Figure 2.. CUT&RUN for ΔFOSB in NAc D1 MSNs and D2 MSNs after chronic cocaine exposure.

(A) Motif analysis of called ΔFOSB peaks. (B) Venn diagram analysis of called ΔFOSB peaks among saline- and cocaine-exposed male and female mice. (C) Genomic distribution of ΔFOSB peaks in NAc D1 and D2 MSNs of male and female mice under saline and cocaine conditions. (D) Heatmaps comparing the effect of chronic cocaine on ΔFOSB peaks in D1 vs. D2 MSNs in male (upper) and female (lower) mice. (E) Venn diagrams comparing the effect of chronic cocaine on ΔFosB peaks in D1 and in D2 MSNs in male vs. female mice. (F) Example of ΔFOSB binding at a promoter region of Setd1a in the male D1 cocaine dataset. (G) Example of ΔFOSB binding at a poised enhancer region of Efr3a in the male D1 cocaine dataset. (H) Example of ΔFOSB binding at an active enhancer region in the Drd2-Ankk1-Ttc12 locus in the male D2 cocaine dataset.
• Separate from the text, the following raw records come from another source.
Lemma real_induction (Q : R -> Prop) :
  (forall s, 0 <= s -> (forall t, 0 <= t < s -> Q t) -> Q s) ->
  (forall s, 0 <= s -> (forall t, 0 <= t <= s -> Q t) ->
     exists d, 0 < d /\ forall t, s < t < s + d -> Q t) ->
  forall t, 0 <= t -> Q t.
Proof.
  intros Hclosed Hopen t1 Ht1.
  destruct (Classical_Prop.classic (Q t1)) as [|HnQ]; [assumption|]. exfalso.
  set (E := fun s => 0 <= s /\ forall u, 0 <= u <= s -> Q u).
  assert (HQ0 : Q 0) by (apply Hclosed; [lra | intros; lra]).
  assert (HE0 : E 0) by (split; [lra | intros u Hu; replace u with 0 by lra; exact HQ0]).
  assert (Hbound : bound E).
  { exists t1. intros s [Hs Hu]. destruct (Rle_lt_dec s t1) as [|Hlt]; [assumption|].
    exfalso. apply HnQ, Hu. lra. }
  destruct (completeness E Hbound (ex_intro _ 0 HE0)) as [m [Hub Hlub]].
  pose proof (Hub 0 HE0) as Hm0.
  assert (Hbelow : forall u, 0 <= u < m -> Q u).
  { intros u Hu. destruct (Classical_Prop.classic (Q u)) as [|Hn]; [assumption|]. exfalso.
    enough (m <= u) by lra.
    apply Hlub. intros s [Hs Hs']. destruct (Rle_lt_dec s u) as [|Hlt]; [assumption|].
    exfalso. apply Hn, Hs'. lra. }
  assert (Hupto : forall u, 0 <= u <= m -> Q u).
  { intros u Hu. destruct (Req_dec u m) as [->|]; [apply Hclosed|apply Hbelow]; auto; lra. }
  destruct (Hopen m Hm0 Hupto) as [d [Hd Hd']].
  enough (HE : E (m + d / 2)) by (pose proof (Hub _ HE); lra).
  split; [lra|]. intros u Hu.
  destruct (Rle_lt_dec u m); [apply Hupto | apply Hd']; lra.
Qed.

Lemma nonneg_of_continuous (phi : R -> R) (a s : R) :
  a < s -> continuous phi s -> (forall t, a <= t < s -> 0 <= phi t) -> 0 <= phi s.
Proof.
  intros Has Hc Hb.
  destruct (Rle_lt_dec 0 (phi s)) as [|Hlt]; [assumption|]. exfalso.
  destruct (continuous_eps phi s (- phi s) Hc) as [e [He H]]; [lra|].
  pose proof (Rmin_pos e (s - a) He ltac:(lra)).
  pose proof (Rmin_l e (s - a)); pose proof (Rmin_r e (s - a)).
  set (t := s - Rmin e (s - a) / 2).
  pose proof (Hb t ltac:(unfold t; lra)).
  pose proof (Rabs_def2 _ _ (H t ltac:(unfold t; rewrite Rabs_left; lra))). lra.
Qed.

(* Run backwards from [b]: since [phi] is nondecreasing wherever it is negative,
   negativity would spread down to [a]. *)
Lemma nonneg_barrier (phi : R -> R) (a b : R) :
  a < b -> 0 <= phi a -> right_continuous phi a ->
  (forall t, a < t <= b -> exists d, is_derive phi t d /\ (phi t < 0 -> 0 <= d)) ->
  0 <= phi b.
Proof.
  intros Hab Ha Hrc Hd.
  destruct (Rle_lt_dec 0 (phi b)) as [|Hb]; [assumption|]. exfalso.
  assert (Hcont : forall t, a < t <= b -> continuous phi t).
  { intros t Ht. destruct (Hd t Ht) as [d [H _]]. exact (is_derive_continuous _ _ _ H). }
  enough (Hneg : forall u, 0 <= u -> u <= b - a -> phi (b - u) < 0).
  { pose proof (Hneg (b - a) ltac:(lra) ltac:(lra)) as Hna.
    replace (b - (b - a)) with a in Hna by ring. lra. }
  apply (real_induction (fun u => u <= b - a -> phi (b - u) < 0)).
  - intros s Hs Hbefore Hsba.
    destruct (Req_dec s 0) as [->|Hs0]; [rewrite Rminus_0_r; exact Hb|].
    apply (Rle_lt_trans _ (phi b)); [|exact Hb].
    apply le_of_is_derive_nonneg; [lra| |].
    + destruct (Req_dec (b - s) a) as [->|]; [exact Hrc|].
      apply continuous_right_continuous, Hcont. lra.
    + intros t Ht. destruct (Hd t ltac:(lra)) as [d [H1 H2]].
      exists d; split; [exact H1|]. apply H2.
      replace t with (b - (b - t)) by ring. apply Hbefore; lra.
  - intros s Hs Hupto.
    destruct (Rlt_le_dec s (b - a)) as [Hsba|Hsba];
      [|exists 1; split; [lra | intros; lra]].
    pose proof (Hupto s ltac:(lra) ltac:(lra)) as Hphi.
    destruct (continuous_eps phi (b - s) (- phi (b - s)) (Hcont (b - s) ltac:(lra)) ltac:(lra))
      as [d [Hd0 H]].
    exists d; split; [exact Hd0|]. intros t Ht _.
    pose proof (Rabs_def2 _ _ (H (b - t) ltac:(rewrite Rabs_left; lra))). lra.
Qed.

(** * Picard iteration for bounded Lipschitz planar vector fields *)

Definition lipschitz (f : R -> R) (K : R) : Prop :=
  forall s t, Rabs (f t - f s) <= K * Rabs (t - s).

Definition lipschitz2 (F : R -> R -> R) (L : R) : Prop :=
  forall u v u' v', Rabs (F u v - F u' v') <= L * (Rabs (u - u') + Rabs (v - v')).

Lemma lipschitz_continuous (f : R -> R) (K x : R) : lipschitz f K -> continuous f x.
Proof.
  intros Hf P [eps HP].
  assert (HK : 0 < Rabs K + 1) by (pose proof (Rabs_pos K); lra).
  exists (mkposreal _ (Rdiv_lt_0_compat _ _ (cond_pos eps) HK)).
  intros u Hu. apply HP. change (Rabs (u - x) < eps / (Rabs K + 1)) in Hu.
  change (Rabs (f u - f x) < eps).
  apply (Rle_lt_trans _ ((Rabs K + 1) * Rabs (u - x))).
  - eapply Rle_trans; [apply Hf|]. apply Rmult_le_compat_r; [apply Rabs_pos|].
    pose proof (Rle_abs K). lra.
  - apply (Rmult_lt_compat_l (Rabs K + 1)) in Hu; [|exact HK].
    replace ((Rabs K + 1) * (eps / (Rabs K + 1))) with (pos eps) in Hu by (field; lra).
    exact Hu.
Qed.

Lemma lipschitz_ex_RInt (f : R -> R) (K a b : R) : lipschitz f K -> ex_RInt f a b.
Proof.
  intros Hf. apply (@ex_RInt_continuous R_CompleteNormedModule).
  intros x _. exact (lipschitz_continuous f K x Hf).
Qed.

Lemma lipschitz2_comp (F : R -> R -> R) (L K : R) (p q : R -> R) :
  lipschitz2 F L -> 0 <= L -> lipschitz p K -> lipschitz q K ->
  lipschitz (fun s => F (p s) (q s)) (2 * L * K).
Proof.
  intros HF HL Hp Hq s t. eapply Rle_trans; [apply HF|].
  pose proof (Rmult_le_compat_l L _ _ HL (Hp s t)).
  pose proof (Rmult_le_compat_l L _ _ HL (Hq s t)). lra.
Qed.

Lemma lipschitz_primitive (g : R -> R) (K M c : R) :
  lipschitz g K -> (forall u, Rabs (g u) <= M) -> lipschitz (fun t => c + RInt g 0 t) M.
Proof.
  intros Hg HM s t.
  replace (c + RInt g 0 t - (c + RInt g 0 s)) with (RInt g s t).
  - rewrite Rmult_comm. apply (norm_RInt_le_const_abs g s t); [intros; apply HM|].
    apply (@RInt_correct R_CompleteNormedModule), (lipschitz_ex_RInt g K), Hg.
  - pose proof (RInt_Chasles g 0 s t (lipschitz_ex_RInt g K 0 s Hg) (lipschitz_ex_RInt g K s t Hg))
      as Hch.
    change (RInt g 0 s + RInt g s t = RInt g 0 t) in Hch. lra.
Qed.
CUT&RUN-seq: 5 animals per replicate and n=3 per group

Figure 3.. RRHO reveals convergence of ΔFOSB binding and gene expression.

(A) Promoter regions. (B) Gene body regions. Changes in ΔFOSB binding in response to chronic IP cocaine (Coc) vs. saline (Sal) injections were compared to cocaine-induced changes in gene expression in D1 and D2 MSNs using published datasets. Positive correlations were seen between ΔFOSB binding and D1 MSN gene expression in mice that received a priming dose of cocaine after a history of chronic drug exposure (Coc-Coc), with negative correlations seen prior to that priming dose (Coc-Sal). Opposite although weaker correlations were apparent in D2 MSNs. Patterns seen in promoter and gene body regions were similar, with larger magnitude effects in the latter.

Figure 4.. A majority (~70%) of ΔFOSB binding sites overlap with BRG1 and with histone marks indicative of active enhancers.

(A) Venn diagram analysis of called H3K4me1, H3K27ac, and ΔFOSB peaks in male D1 MSNs of NAc from cocaine mice. (B) Coverage of BRG1 and histone marks at called ΔFOSB+ / H3K4me1+ / H3K27ac+ peaks in the male D1 MSN cocaine group. (C) Venn diagram analysis of called H3K4me3 and ΔFOSB peaks in the male D1 MSN cocaine group. (D) Coverage of histone marks at called ΔFOSB+ / H3K4me3+ peaks in the male D1 MSN cocaine group. CUT&RUN-seq: 4 animals per replicate and n=3 per group

Figure 5.. Loci with ΔFOSB binding sites contain motifs recognized by homeobox and T-box transcription factors.

(A) In silico motif analyses of loci with ΔFOSB-bound AP1 sites (± 500 bp from AP1 sites) in D1 and D2 MSNs of male and female cocaine groups. (B) Venn diagram analysis of alternative splicing junctions and ΔFOSB binding sites. (C) Motif analysis of alternative splicing junctions with ΔFOSB peaks nearby.